Three-layer cache stack, prompt prefix alignment, KV-cache routing, and regime-aware invalidation

Related: 01a-routing.md (self-describing providers and mortality-aware model resolution), 03-economics.md (x402 spread revenue model and per-tenant cost attribution), 04-context-engineering.md (8-layer context engineering pipeline for cost reduction), 11-privacy-trust.md (cache encryption, differential privacy on embeddings, and cryptographic audit trail)


Reader orientation: This document specifies the caching and optimization layer of Bardo Inference (the LLM inference gateway for mortal autonomous DeFi agents called Golems).
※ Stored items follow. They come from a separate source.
Lemma num_paths_ge_path_rich L (X Z Y : {set T}) (beta : R) : 0 <= beta ->
  path_rich Z Y L L beta -> #|X :&: Z|%:R * beta ^+ L <= (num_paths e L X Y)%:R.
Proof.
move=> beta_ge0 rich.
have no_forbidden : (#|@set0 T| + L <= L)%N by rewrite cards0.
have [f fP] := path_rich_lists rich no_forbidden.
have sXZ : X :&: Z \subset Z :\: set0 by rewrite setD0 subsetIr.
apply: le_trans (size_cons_lists (f := f) _) _.
  by move=> w /(subsetP sXZ) /fP [].
rewrite ler_nat size_le_num_paths //.
  by apply: cons_lists_uniq => w /(subsetP sXZ) /fP [].
apply/allP => t /allpairsPdep [w [s [wA sf ->]]]; rewrite mem_enum in wA.
have [_ /allP avoid _] := fP w (subsetP sXZ w wA).
by move: wA; rewrite inE => /andP [wX _]; rewrite /= wX avoid.
Qed.

End PathCounting.

Section Clusters.
Variables (T : finType) (e : rel T) (r : nat) (V : 'I_r -> {set T}).

Section Counting.
Variable R : realType.

Lemma path_rich_along_walk (eps d delta beta : R) m :
  0 <= eps -> eps <= delta -> delta <= 1 - eps -> eps <= d -> 0 <= beta ->
  (forall k, beta + m%:R <= (d - eps) * (delta * #|V k|%:R)) ->
  forall l i j, walkn (reduced_rel e V eps d) l i j ->
  forall Y : {set T}, Y \subset V j -> delta * #|V j|%:R <= #|Y|%:R ->
  exists Z : {set T}, [/\ Z \subset V i, delta * #|V i|%:R <= #|Z|%:R,
    (0 < l)%N -> (1 - eps) * #|V i|%:R <= #|Z|%:R & path_rich e Z Y l m beta].
Proof.
move=> eps_ge0 eps_delta delta_le eps_d beta_ge0 room.
elim => [|l IH] i j /=.
  by move/eqP => <- Y sY hY; exists Y; split => //; apply: path_rich0.
case/existsP => k /andP [/asboolP [_ [reg dens]] walk] Y sY hY.
have [Z [sZ hZ _ rich]] := IH k j walk Y sY hY.
have hZeps : eps * #|V k|%:R <= #|Z|%:R.
  by apply: le_trans hZ; rewrite ler_wpM2r.
have typical := regular_typical_degree eps_ge0 reg dens sZ hZeps.
exists [set v in V i | (d - eps) * #|Z|%:R <= #|nbhd e Z v|%:R]; split => //.
- by apply/subsetP => x; rewrite inE => /andP [].
- by apply: le_trans typical; rewrite ler_wpM2r.
- apply: path_rich_cons beta_ge0 _ rich => v; rewrite inE => /andP [_].
  apply: le_trans; apply: le_trans (room k) _.
  by rewrite ler_wpM2l ?subr_ge0.
Qed.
It belongs to the inference plane and describes the three-layer cache stack that reduces LLM costs by 40-85%. The key concept is that stable prompt prefixes, semantic similarity matching, and deterministic hash lookups can eliminate or heavily discount most inference calls, with cache invalidation driven by market regime changes. For term definitions, see prd2/shared/glossary.md.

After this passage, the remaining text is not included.